Friday, September 20, 2024

Google Hit With Typosquatting Class Action

Harvard Business School professor Benjamin Edelman believes Google is profiting from and encouraging typosquatting by placing ads on trademark infringing made-for-AdSense websites. As co-counsel in a class action suit, Edelman suggests Google could be making money from a million domains or more.

Typosquatting is the practice of registering a domain that is an errant version of a popular website in order to gain traffic and ad clicks from people who misspell or mistype their intended domain. For example, one might type bankofamrica.com instead of bankofamerica.com. Typosquatting has been illegal in the States since 1999, and is considered trademark infringement in most countries.

In a recent report for McAfee, Edelman said more than 80,000 typosquatting domains for the top 2,000 websites, and singled out Google as the largest ad network contributing to the viability of these sites.

“The largest network in this space is Google, whose AdSense for Domains product and other domain-syndication products serve ads on more than 80 percent of the typosquatting sites recently uncovered by
SiteAdvisor technology,” Edelman wrote.

In that same report, freecreditreport.com was the most targeted, with 742 typosquatting domains registered, followed by cartoonnetwork.com (kids’ sites are often targeted) with 327, youtube.com with 320, craigslist.org with 318, and Google’s own blogspot.com with 276.

Google Hit With Typosquatting Class Action
In an article for The Harvard Crimson, Edelman low-ball estimated a million sites earning $25 per year for the owners, meaning Google was likely charging between $32-$50, equaling at least $32 million annual gross for Google. Edelman believes it could be more (it could also be less, though).

Because of the range of companies indicated with possible trademark infringement cases, the suit has been filed as a class action. “We believe class action adjudication is the most efficient way to resolve these companies’ complaints,” Edelman said in The Crimson. “It would be unreasonably complicated, costly, and time-consuming for all trademark holders to sue separately.”

If Google were to abandon the typosquatting industry, he argues, it could be far less of a problem.

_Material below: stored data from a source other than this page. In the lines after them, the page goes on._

Lemma teval_agree_above V (t : term layered_alg V) j (e1 e2 : V -> carrier layered_alg) :
  (forall v, agree_above j (e1 v) (e2 v)) -> agree_above j (teval e1 t) (teval e2 t).
Proof.
move=> He; elim: t => [v|s f IH] /=; first exact: He.
by apply: lop_agree_above => k; rewrite !tnth_mktuple; apply: IH.
Qed.

Lemma teval_affine_at V (t : term layered_alg V) (i : 'I_h.+2) (e1 e2 e3 e4 : V -> carrier layered_alg) :
  (forall v, [/\ agree_above i.+1 (e1 v) (e2 v), agree_above i.+1 (e1 v) (e3 v)
      & agree_above i.+1 (e1 v) (e4 v)]) ->
  (forall v, affine_at i (e1 v) (e2 v) (e3 v) (e4 v)) ->
  affine_at i (teval e1 t) (teval e2 t) (teval e3 t) (teval e4 t).
Proof.
move=> Ha Hp; elim: t => [v|s f IH] /=; first exact: Hp.
apply: lop_affine_at => k; rewrite !tnth_mktuple //.
by split; apply: teval_agree_above => v; case: (Ha v).
Qed.

Lemma agree_above_congruence j : @is_congruence layered_alg (agree_above j).
Proof.
split=> [//|x y H i ji|x y z H1 H2 i ji|s x y]; first by rewrite H.
  by rewrite H1 // H2.
exact: lop_agree_above.
Qed.

Lemma termcond_agree_above j :
  @termcond layered_alg (agree_above j.+1) (agree_above j.+1) (agree_above j).
Proof.
move=> m k t a b c d Hab Hcd H i ji.
have [ij|ij] := ltnP j i.
  by apply: (@teval_agree_above _ t j.+1) => // -[v|v] /=; [|apply: Hcd].
have ei : nat_of_ord i = j by apply/eqP; rewrite eqn_leq ij ji.
have : affine_at i (teval (envs a c) t) (teval (envs a d) t)
                   (teval (envs b c) t) (teval (envs b d) t).
  apply: teval_affine_at => -[v|v] /=; rewrite ?ei.
  - by split => //; apply: Hab.
  - by split => //; apply: Hcd.
  - by rewrite /affine_at subrr sub0r addrC subrr.
  - by rewrite /affine_at [_ - _ - _]addrAC subrr sub0r addrC subrr.
rewrite /affine_at (H i ji) subrr sub0r => /eqP; rewrite addrC subr_eq0.
by move/eqP.
Qed.
Lemma pos_def_diag_pos K B : pos_def (S K) B -> 0 < B K K.
Proof.
  intros HB; destruct (exists_vec_with_last K (fun _ => 0) 1) as [e [He0 He1]].
  assert (Hp : 0 < quad (S K) B e) by (apply HB; exists K; split; [lia|lra]).
  rewrite quad_succ, (quad_ext_vec K B e (fun _ => 0)), He1 in Hp by exact He0.
  rewrite (sumR_zero K (fun k => sym_col K B k * e k)) in Hp
    by (intros; rewrite He0 by assumption; ring).
  unfold quad in Hp; rewrite sumR_zero in Hp
    by (intros; apply sumR_zero; intros; ring).
  lra.
Qed.

Lemma pos_def_schur K B : pos_def (S K) B -> pos_def K (schur K B).
Proof.
  intros HB lam Hnz.
  assert (Ha := pos_def_diag_pos K B HB).
  set (be := sumR K (fun k => sym_col K B k * lam k)).
  destruct (exists_vec_with_last K lam (- be / B K K)) as [lam' [Hlow Hlast]].
  assert (Hp : 0 < quad (S K) B lam').
  { apply HB; destruct Hnz as [k [Hk Hne]]; exists k; rewrite Hlow by lia; split; [lia|exact Hne]. }
  rewrite quad_succ_schur, (quad_ext_vec K _ lam' lam), Hlast in Hp by (lra || exact Hlow).
  rewrite (sumR_ext K _ (fun k => sym_col K B k * lam k)) in Hp
    by (intros; rewrite Hlow by assumption; reflexivity).
  fold be in Hp.
  replace (- be / B K K + be / B K K) with 0 in Hp by (field; lra).
  lra.
Qed.
(* Every $L$-selective $T_1$-space is an $\alpha_1$-space.
   Context: For spaces $Y$, $X$, a map $\varphi:Y\to\mathcal P(X)\setminus\{\emptyset\}$ is lower semicontinuous (l.s.c.) if $\{y:\varphi(y)\cap U\neq\emptyset\}$ is open in $Y$ for every open $U\subseteq X$; a selection is a map $f:Y\to X$ with $f(y)\in\varphi(y)$ for all $y$. $X$ is $Y$-selective if every l.s.c. map from $Y$ to the family of nonempty closed subsets of $X$ has a continuous selection. $X$ is $L$-selective if it is $(\omega+1)$-selective, where $\omega+1$ carries the order topology (a convergent sequence with its limit). A space $X$ is an $\alpha_1$-space if for every $x\in X$ and every countable family $\{A_n\}_{n\in\omega}$ of sequences converging to $x$ there is a sequence $A$ converging to $x$ such that $A_n\setminus A$ is finite for every $n$. *)

From HB Require Import structures.
From mathcomp Require Import all_boot all_order.
From mathcomp Require Import all_classical all_reals all_analysis.
Set Implicit Arguments. Unset Strict Implicit. Unset Printing Implicit Defensive.
Local Open Scope classical_set_scope.

Definition lsc_closed_map (Y : Type) (openY : set (set Y))
  (X : topologicalType) (phi : Y -> set X) : Prop :=
  (forall y, phi y !=set0 /\ closed (phi y)) /\
  (forall U : set X, open U -> openY [set y | phi y `&` U !=set0]).

Definition cont_from (Y : Type) (openY : set (set Y))
  (X : topologicalType) (f : Y -> X) : Prop :=
  forall U : set X, open U -> openY (f @^-1` U).

Definition selective (Y : Type) (openY : set (set Y)) (X : topologicalType) : Prop :=
  forall phi : Y -> set X, lsc_closed_map openY phi ->
    exists f : Y -> X, cont_from openY f /\ forall y, phi y (f y).

(* omega+1 represented as option nat, None = omega; the order topology:
   every finite ordinal is isolated, and basic neighbourhoods of omega are
   the tails (m, omega]. *)
Definition omega1_open : set (set (option nat)) :=
  [set U | U None -> exists m : nat, forall n : nat, (m <= n)%N -> U (Some n)].

Definition L_selective (X : topologicalType) : Prop :=
  selective omega1_open X.

(* alpha_1: sequences are maps nat -> X, viewed as sets through their range *)
Definition alpha1_space (X : topologicalType) : Prop :=
  forall (x : X) (A : nat -> nat -> X),
    (forall n, A n @ \oo --> x) ->
    exists B : nat -> X, B @ \oo --> x /\
      forall n, finite_set (range (A n) `\` range B).

(* Suppose some sequence e converges to x while avoiding x (otherwise every
   sequence converging to x is eventually constant and the constant sequence
   x works). Enumerate the pairs (N, j) by the Cantor pairing k and consider
   on omega + 1 the map sending omega to {x} and k to {e N, A N j}. It is
   lower semicontinuous at omega because columns N with N large meet a
   neighbourhood of x through e N and the finitely many remaining columns
   through A N j with j large. A continuous selection f gives a sequence
   f(k) converging to x; since e n <> x and points are closed, f(n, j) differs
   from e n, hence equals A n j, for all but finitely many j. *)
From mathcomp Require Import all_boot all_order.
From mathcomp Require Import all_classical all_reals all_analysis.
From mathcomp Require Import zify.
From Stdlib Require Cantor.
Local Open Scope classical_set_scope.

Lemma finite_range_setD_near (T : Type) (a : nat -> T) (S : set T) :
  (\forall j \near \oo, S (a j)) -> finite_set (range a `\` S).
Proof.
move=> [K _ SaK]; apply: (@sub_finite_set _ _ (a @` `I_K)).
  move=> _ [[j _ <-] Saj]; exists j => //=; rewrite ltnNge.
  by apply/negP => /SaK.
exact/finite_image/finite_II.
Qed.

Lemma exists_cvg_avoiding {X : topologicalType} {u : nat -> X} {x : X} :
  u @ \oo --> x -> ~ (\forall n \near \oo, u n = x) ->
  exists e : nat -> X, (forall n, e n <> x) /\ e @ \oo --> x.
Proof.
move=> u_cvg u_neq.
have /choice[s s_spec] : forall N, exists m, (N <= m)%N /\ u m <> x.
  move=> N; apply: contrapT => /forallNP u_eq; apply: u_neq.
  exists N => // m /= Nm; apply: contrapT => neq; exact: u_eq m (conj Nm neq).
exists (u \o s); split; first by move=> N; case: (s_spec N).
apply: cvg_comp u_cvg; apply/cvgnyPge => N.
by exists N => // m /= Nm; exact: leq_trans Nm (s_spec m).1.
Qed.

Lemma cvg_cantor_to_nat (N : nat) :
  (fun j => Cantor.to_nat (N, j)) @ \oo --> \oo.
Proof.
apply/cvgnyPge => M; exists M => // j /= Mj.
by have := Cantor.to_nat_non_decreasing N j; lia.
Qed.

Lemma near_cantor_of_nat (P : nat -> nat -> Prop) :
  (\forall N \near \oo, forall j, P N j) ->
  (forall N, \forall j \near \oo, P N j) ->
  \forall k \near \oo, P (Cantor.of_nat k).1 (Cantor.of_nat k).2.
Proof.
move=> [M _ P_tail] P_col.
have [G _ P_head] : \forall j \near \oo, forall N : 'I_M, P N j.
  by apply: filter_forall => N; exact: P_col.
(* [to_nat (N, j) < G + (G + M)^2] whenever [N < M] and [j < G]. *)
exists (G + (G + M) * (G + M))%N => // k /= Kk.
case Ek: (Cantor.of_nat k) => [N j] /=.
have [MN|NM] := leqP M N; first exact: P_tail.
have [Gj|jG] := leqP G j; first exact: (P_head j Gj (Ordinal NM)).
have := Cantor.to_nat_spec N j; rewrite -Ek Cantor.cancel_to_of; nia.
Qed.

Lemma omega1_cont_cvg {X : topologicalType} {f : option nat -> X} :
  cont_from omega1_open f -> (fun k => f (Some k)) @ \oo --> f None.
Proof.
move=> f_cont V; rewrite nbhsE => -[U [U_open Uf] UV].
by have [m f_tail] := f_cont U U_open Uf; exists m => // k /f_tail /UV.
Qed.

Section diagonal_selection.
Context {X : topologicalType} {x : X} {A : nat -> nat -> X} {e : nat -> X}.
Hypotheses (X_T1 : accessible_space X) (A_cvg : forall n, A n @ \oo --> x)
  (e_cvg : e @ \oo --> x) (e_neq : forall n, e n <> x).

Definition diagonal_map (o : option nat) : set X :=
  if o is Some k then
    let: (N, j) := Cantor.of_nat k in [set e N; A N j]
  else [set x].

Lemma diagonal_map_lsc : lsc_closed_map omega1_open diagonal_map.
Proof.
split.
  case=> [k|]; last by split; [exists x | exact: accessible_closed_set1].
  rewrite /diagonal_map; case: (Cantor.of_nat k) => N j.
  split; first by exists (e N); left.
  by apply: closedU; exact: accessible_closed_set1.
move=> U U_open /= [_ [-> Ux]].
have near_U (u : nat -> X) : u @ \oo --> x -> \forall n \near \oo, U (u n).
  by move=> u_cvg; apply: u_cvg; exact: open_nbhs_nbhs.
have e_tail : \forall N \near \oo, forall j, U (e N) \/ U (A N j).
  by apply: filterS (near_U _ e_cvg) => N UeN j; left.
have A_col N : \forall j \near \oo, U (e N) \/ U (A N j).
  by apply: filterS (near_U _ (A_cvg N)) => j UA; right.
have [m _ U_tail] := near_cantor_of_nat _ e_tail A_col.
exists m => k /U_tail; rewrite /diagonal_map /=.
case: (Cantor.of_nat k) => N j /= [UeN|UA].
  by exists (e N); split => //; left.
by exists (A N j); split => //; right.
Qed.

Context {f : option nat -> X}.
Hypothesis f_sel : forall o, diagonal_map o (f o).

Lemma diagonal_selection_None : f None = x.
Proof. exact: f_sel None. Qed.

Lemma finite_range_setD_diagonal_selection (n : nat) :
  cont_from omega1_open f ->
  finite_set (range (A n) `\` range (fun k => f (Some k))).
Proof.
move=> f_cont; apply: finite_range_setD_near.
have f_cvg := omega1_cont_cvg f_cont; rewrite diagonal_selection_None in f_cvg.
have f_neq : \forall k \near \oo, f (Some k) <> e n.
  apply: (f_cvg (~` [set e n])); apply: open_nbhs_nbhs; split.
    by apply: closed_openC; exact: accessible_closed_set1.
  by move=> /esym /e_neq.
have f_neq_col : \forall j \near \oo, f (Some (Cantor.to_nat (n, j))) <> e n.
  exact: cvg_cantor_to_nat f_neq.
apply: filterS f_neq_col => j /=.
have := f_sel (Some (Cantor.to_nat (n, j))).
rewrite /diagonal_map Cantor.cancel_of_to.
by case=> [//|<-] _; exists (Cantor.to_nat (n, j)).
Qed.

End diagonal_selection.

Theorem mainTheorem3 (X : topologicalType) :
  @accessible_space X -> L_selective X -> alpha1_space X.
Proof.
move=> X_T1 X_LS x A A_cvg.
have [[e [e_neq e_cvg]]|no_avoiding] :=
  pselect (exists e : nat -> X, (forall n, e n <> x) /\ e @ \oo --> x).
  have [f [f_cont f_sel]] := X_LS _ (diagonal_map_lsc X_T1 A_cvg e_cvg).
  exists (fun k => f (Some k)); split.
    by rewrite -(diagonal_selection_None f_sel); exact: omega1_cont_cvg.
  by move=> n; exact: finite_range_setD_diagonal_selection.
exists (cst x); split; first exact: cvg_cst.
move=> n; apply: finite_range_setD_near.
have A_eq : \forall j \near \oo, A n j = x.
  by apply: contrapT => /(exists_cvg_avoiding (A_cvg n)) /no_avoiding.
by apply: filterS A_eq => j ->; exists 0.
Qed.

In a standard statement to the press, Google has said the lawsuit’s claims are “baseless” and that the company would fight the suit vigorously.

If all true, it’s interesting Google would be so lax in dealing with typosquatting domainers. For all the company’s noble efforts to fight other shady practices like malware—most definitely a concern with squatters—various link spam techniques (and paid links certainly), and deceptive marketing tactics, aiding and profiting from typosquatting would be a definite stain on the company’s overall reputation.